Fig 4. Network analysis using STRING.

Fig 4

The list of differentially expressed genes in neocortex after RSV diet was subjected to Network analysis using the STRING software as described in Methods. Square interaction score was set at medium confidence (0.4; scores range from highest, 0.9, to low, 0.15, confidence). Other selected parameters were: average node degree: 1.12, local clustering coefficient: 0.32 and active interaction sources including: text mining, experiments, databases, co-expression, neighborhood, gene fusion and co-occurrence. Moreover, no restrictions were forced in the number of interactions to show. Overexpressed genes are shown within red rectangles. The colors of the edges represent the different types of protein associations, either from known or predicted interactions: from curated databases (blue), experimentally determined (magenta), text mining (green) and co-expression (black).

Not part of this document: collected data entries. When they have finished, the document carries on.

Lemma half_pow_div_log2_le N c : (1 <= c)%nat -> (1 <= N)%nat ->
  (/ 2) ^ (Nat.log2 N / c) <= 2 * Rpower (INR N) (- / INR c).
Proof.
  intros Hc HN. remember (Nat.log2 N / c)%nat as j eqn:Hj.
  assert (Hcr : 0 < INR c) by (apply lt_0_INR; lia).
  assert (HNr : 0 < INR N) by (apply lt_0_INR; lia).
  assert (Hlog : (N < 2 ^ (c * S j))%nat).
  { pose proof (Nat.log2_spec N ltac:(lia)) as [_ HL].
    pose proof (Nat.div_mod (Nat.log2 N) c ltac:(lia)).
    pose proof (Nat.mod_upper_bound (Nat.log2 N) c ltac:(lia)).
    eapply Nat.lt_le_trans; [exact HL|]. apply Nat.pow_le_mono_r; [lia|]. rewrite Hj. nia. }
  apply lt_INR in Hlog. rewrite pow_INR in Hlog. change (INR 2) with 2 in Hlog.
  assert (Hroot : Rpower (INR N) (/ INR c) <= 2 ^ S j).
  { eapply Rle_trans.
    { apply (Rle_Rpower_l (INR N) (2 ^ (c * S j))); [apply Rlt_le, Rinv_0_lt_compat|split]; lra. }
    rewrite <- (Rpower_pow (c * S j) 2), Rpower_mult by lra.
    replace (INR (c * S j) * / INR c) with (INR (S j)) by (rewrite mult_INR; field; lra).
    rewrite Rpower_pow by lra. lra. }
  assert (Hpos : 0 < Rpower (INR N) (/ INR c)) by apply exp_pos.
  rewrite Rpower_Ropp, pow_inv. cbn [pow] in Hroot |- *.
  replace (/ 2 ^ j) with (2 * / (2 * 2 ^ j)) by (field; apply pow_nonzero; lra).
  apply Rmult_le_compat_l; [lra|]. apply Rinv_le_contravar; lra.
Qed.

Theorem theoremB :
  forall s : nat, (1 <= s)%nat ->
  exists c : R, 0 < c /\
  exists (C : R) (N0 : nat),
    forall N : nat, (N0 <= N)%nat ->
      gowers_norm s N rsZ <= C * Rpower (INR N) (- c).
Proof.
  intros s Hs. destruct s as [|s']; [lia|].
  set (b := (2 * block_period s')%nat). set (e := / 2 ^ S s').
  assert (Hb : 0 < INR b) by (apply lt_0_INR; pose proof (block_period_pos s'); lia).
  assert (He : 0 < e) by (apply Rinv_0_lt_compat, pow_lt; lra).
  pose proof (rs_constant_pos s') as HK.
  exists (/ INR b * e). split; [apply Rmult_lt_0_compat; [apply Rinv_0_lt_compat|]; lra|].
  exists (Rpower (2 * rs_constant s') e), (2 * S (S s'))%nat. intros N HN.
  assert (HNr : 0 < INR N) by (apply lt_0_INR; lia).
  assert (HNc : 0 < Rpower (INR N) (- / INR b)) by apply exp_pos.
  eapply Rle_trans; [apply (gowers_norm_le_avg _ _ _ (2 * rs_constant s' * Rpower (INR N) (- / INR b)))|].
  - apply Rmult_lt_0_compat; lra.
  - eapply Rle_trans; [apply gowers_avg_bound; lia|].
    replace (2 * rs_constant s' * _) with (rs_constant s' * (2 * Rpower (INR N) (- / INR b))) by ring.
    apply Rmult_le_compat_l; [lra|].
    apply half_pow_div_log2_le; [unfold b; pose proof (block_period_pos s')|]; lia.
  - fold e. rewrite <- (Rpower_mult_distr (2 * rs_constant s')), Rpower_mult by lra.
    right. f_equal. f_equal. ring.
Qed.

Effects of acute RSV treatment in glioma C6 cells

Neocortex is composed of a variety of neuronal and glial cell types. Therefore, the differential expression of the 26 candidate genes may occur in different CNS cells. Based on the data of RSV effect in neocortex and as neuronal cells of the adult mammal CNS are more refractory than glial cells to early changes in gene expression [1416] we treated a glial cell line, C6, either in the absence (control group) or in the presence of 100 μM RSV for 24 h. Specific mRNA expression for 5 genes selected from the list in Table 2, Atp1b2, Dnm1, Rab2a and Vamp2, was determined by Real-Time qRT-PCR (see Methods). Dnm1 and Vamp2 were selected because they were nodes having more edges in Fig 5. Atp1b2 was selected because genes related to energy-homeostasis are very relevant in glia-neuron interactions, and Rab2a was selected because it is similarly important for vesicular fusion and trafficking as Vamp2. The mRNA for Syn2 was also analyzed as a control for a gene not expressed in glia (its mRNA was not detectable in glioma C6 cells). As seen in Fig 5, acute RSV treatment did not induce changes in the expression of Rab2a or Vamp2, whereas it induced a non-statistically significant increase in Atp1b2 and, remarkably, led to a statistically significant down-regulation of Dnm1.

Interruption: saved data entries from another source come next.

(* Let $p$ be a graph and $V_c(p)$ a vertex cover of $p$ such that the induced subgraph $p[V_c(p)]$ has at least two connected components. Let $Q$ be a set of join units of $p$ with respect to $V_c(p)$ whose union is $p$, and let $T$ be any join tree for $p$ over $Q$. Then $T$ has an internal node whose two children are labeled by subgraphs $p_1,p_2$ with $V(p_1)\cap V(p_2)\cap V_c(p)=\emptyset$.
   Context: Graphs are finite, simple and undirected. A vertex cover of $p$ is a set $V_c(p)\subseteq V(p)$ containing an endpoint of every edge of $p$; for $X\subseteq V(g)$, $g[X]$ denotes the subgraph of $g$ induced on $X$. A join unit of $p$ with respect to $V_c(p)$ is a subgraph $q$ of $p$ together with a designated anchor vertex $a_q\in V(q)\cap V_c(p)$ that is adjacent in $q$ to every other vertex of $q$ (an R1 unit). The union of subgraphs has as vertex set and edge set the unions of their vertex sets and edge sets. A join tree for $p$ over $Q$ is a rooted tree in which every internal node has exactly two children, each node is labeled by a subgraph of $p$, the leaves are labeled by elements of $Q$, each internal node is labeled by the union of its children's labels, and the root is labeled by $p$ (it models performing the joins pairwise in some order). *)

From mathcomp Require Import all_boot.
Set Implicit Arguments. Unset Strict Implicit. Unset Printing Implicit Defensive.

Section Graphs.
Variable T : finType.

Definition graph := ({set T} * {set {set T}})%type.
Definition verts (g : graph) : {set T} := g.1.
Definition edges (g : graph) : {set {set T}} := g.2.

Definition is_graph (g : graph) : bool :=
  [forall e in edges g, (#|e| == 2) && (e \subset verts g)].

Definition subgraph (q p : graph) : bool :=
  is_graph q && (verts q \subset verts p) && (edges q \subset edges p).

Definition gunion (g h : graph) : graph :=
  (verts g :|: verts h, edges g :|: edges h).

Definition vertex_cover (p : graph) (Vc : {set T}) : bool :=
  (Vc \subset verts p) && [forall e in edges p, [exists x in e, x \in Vc]].

Definition induced (p : graph) (X : {set T}) : graph :=
  (verts p :&: X, [set e in edges p | e \subset X]).

Definition adj (g : graph) : rel T :=
  fun x y => [set x; y] \in edges g.

Definition components (g : graph) : {set {set T}} :=
  [set [set y in verts g | connect (fun u v => (u \in verts g) && adj g u v) x y]
   | x in verts g].

Definition join_unit (p : graph) (Vc : {set T}) (qa : graph * T) : bool :=
  let: (q, a) := qa in
  [&& subgraph q p, a \in verts q, a \in Vc &
      [forall v in verts q, (v != a) ==> adj q a v]].

Definition union_of (Q : {set graph * T}) : graph :=
  (\bigcup_(qa in Q) verts qa.1, \bigcup_(qa in Q) edges qa.1).

Inductive jtree := JLeaf of (graph * T) | JNode of jtree & jtree.

Fixpoint label (t : jtree) : graph :=
  match t with
  | JLeaf qa => qa.1
  | JNode l r => gunion (label l) (label r)
  end.

Fixpoint leaves_in (Q : {set graph * T}) (t : jtree) : bool :=
  match t with
  | JLeaf qa => qa \in Q
  | JNode l r => leaves_in Q l && leaves_in Q r
  end.

Definition join_tree (p : graph) (Q : {set graph * T}) (t : jtree) : Prop :=
  leaves_in Q t /\ label t = p.

Fixpoint has_internal (P : graph -> graph -> bool) (t : jtree) : bool :=
  match t with
  | JLeaf _ => false
  | JNode l r => P (label l) (label r) || has_internal P l || has_internal P r
  end.

End Graphs.

(* If no internal node of the join tree separates the Vc-parts of its two
   children, then by induction from the leaves the Vc-vertices of every node
   are connected in p[Vc]: at a leaf all of them are adjacent to the anchor,
   and at an internal node two connected sets sharing a vertex have a
   connected union.  At the root this makes p[Vc] connected, contradicting
   the assumption that it has at least two components. *)

From mathcomp Require Import all_boot.
Set Implicit Arguments. Unset Strict Implicit. Unset Printing Implicit Defensive.

Lemma connect_setU (T : finType) (e : rel T) (A B : {set T}) :
  {in A &, forall u v, connect e u v} -> {in B &, forall u v, connect e u v} ->
  A :&: B != set0 -> {in A :|: B &, forall u v, connect e u v}.
Proof.
move=> eA eB /set0Pn [w]; rewrite inE => /andP [wA wB] u v.
by rewrite !inE => /orP [uA|uB] /orP [vA|vB];
  [exact: eA | apply: connect_trans (eA u w _ _) (eB w v _ _)
  | apply: connect_trans (eB u w _ _) (eA w v _ _) | exact: eB].
Qed.

Section JoinTrees.
Variable T : finType.

Definition edge_rel (g : graph T) : rel T := fun u v => (u \in verts g) && adj g u v.

Lemma edge_rel_sym (g : graph T) : is_graph g -> symmetric (edge_rel g).
Proof.
move=> gg; suff imp u v : edge_rel g u v -> edge_rel g v u.
  by move=> u v; apply/idP/idP; apply: imp.
move=> /andP [_]; rewrite /adj => uv; have /andP [_ /subsetP uv_g] := implyP (forallP gg _) uv.
by rewrite /edge_rel /adj setUC uv andbT uv_g // !inE eqxx orbT.
Qed.

Lemma is_graph_induced (p : graph T) (X : {set T}) :
  is_graph p -> is_graph (induced p X).
Proof.
move=> gp; apply/forallP => e; apply/implyP; rewrite inE => /andP [ep eX].
have /andP [-> ep_p] := implyP (forallP gp e) ep.
by rewrite subsetI ep_p eX.
Qed.

Lemma card_components_le1 (g : graph T) :
  {in verts g &, forall u v, connect (edge_rel g) u v} -> #|components g| <= 1.
Proof.
move=> conn_g; apply/card_le1_eqP => _ _ /imsetP [x xg ->] /imsetP [y yg ->].
apply/setP => w; rewrite !inE; case: (w \in verts g) => //=.
by apply/idP/idP; apply: connect_trans; apply: conn_g.
Qed.

Section InducedByCover.
Variables (p : graph T) (Vc : {set T}).
Hypothesis graph_p : is_graph p.

Local Notation linked A := {in A &, forall u v, connect (edge_rel (induced p Vc)) u v}.

Lemma join_unit_linked (q : graph T) (a : T) :
  join_unit p Vc (q, a) -> linked (verts q :&: Vc).
Proof.
move=> /and4P [/andP [/andP [_ /subsetP qp] /subsetP eqp] aq aVc /forallP a_adj].
have anchor_conn v : v \in verts q :&: Vc -> connect (edge_rel (induced p Vc)) a v.
  rewrite inE => /andP [vq vVc]; have [-> | v_a] := eqVneq v a; first exact: connect0.
  apply: connect1; move/implyP: (a_adj v); rewrite vq v_a => /(_ isT) av.
  rewrite /edge_rel /adj !inE qp //= aVc eqp //=.
  by apply/subsetP => x; rewrite !inE => /orP [] /eqP ->.
have sym := sym_connect_sym (edge_rel_sym (is_graph_induced Vc graph_p)).
by move=> u v /anchor_conn au /anchor_conn av; rewrite sym in au; apply: connect_trans av.
Qed.

Lemma label_linked (Q : {set graph T * T}) (t : jtree T) :
  (forall qa, qa \in Q -> join_unit p Vc qa) -> leaves_in Q t ->
  ~~ has_internal (fun p1 p2 => verts p1 :&: verts p2 :&: Vc == set0) t ->
  linked (verts (label t) :&: Vc).
Proof.
move=> units; elim: t => [[q a] /units /join_unit_linked // | l IHl r IHr] /=.
move=> /andP [lQ rQ]; rewrite !negb_or => /andP [/andP [lr_meet nl] nr].
rewrite setIUl; apply: connect_setU; [exact: IHl | exact: IHr |].
by rewrite setIACA setIid.
Qed.

End InducedByCover.
End JoinTrees.

Theorem mainTheorem6 (T : finType) (p : graph T) (Vc : {set T})
  (Q : {set graph T * T}) (t : jtree T) :
  is_graph p ->
  vertex_cover p Vc ->
  1 < #|components (induced p Vc)| ->
  (forall qa, qa \in Q -> join_unit p Vc qa) ->
  union_of Q = p ->
  join_tree p Q t ->
  has_internal
    (fun p1 p2 => verts p1 :&: verts p2 :&: Vc == set0) t.
Proof.
move=> graph_p _ many_components units _ [leaves_Q label_p].
apply/negPn/negP => no_separation.
have := label_linked graph_p units leaves_Q no_separation.
rewrite label_p => /(card_components_le1 (g := induced p Vc)).
by rewrite leqNgt many_components.
Qed.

Fig 5. Gene expression evaluated by reverse transcription, quantitative real-time PCR (RT-qPCR) in control and in 100 μM RSV-treated C6 glioma cells.

Fig 5

mRNA samples isolated from cells incubated for 24 h were analyzed by RT-qPCR using specific probes for Atp1b2, Vamp2, Rab2a, and Dnm1. β-actin mRNA was used as control. Data are mean ± SEM of four independent experiments. * p < 0.05 according to Student’s t test.

Discussion

A first aim of this work was to compare the effect of RSV on gene expression in three different tissues. Tissues came from the same animals, C57BL/6xC3H/He mice, which received equally similar caging and environmental conditions. Moreover, the genomics methodology was identical and, therefore, the results are fully comparable. RSV affects gene expression in a different way in heart, neocortex and skeletal muscle, i.e. the effect was tissue-specific. Also of interest is highlighting that this differential effect in the three tissues does not cause major side effects and, in fact, RSV is a safe compound that may be taken at high doses without significant phenotypic alterations. Safety in animals agrees with the safety of the compound shown in a clinical trial involving mil-to-moderate AD patients [9].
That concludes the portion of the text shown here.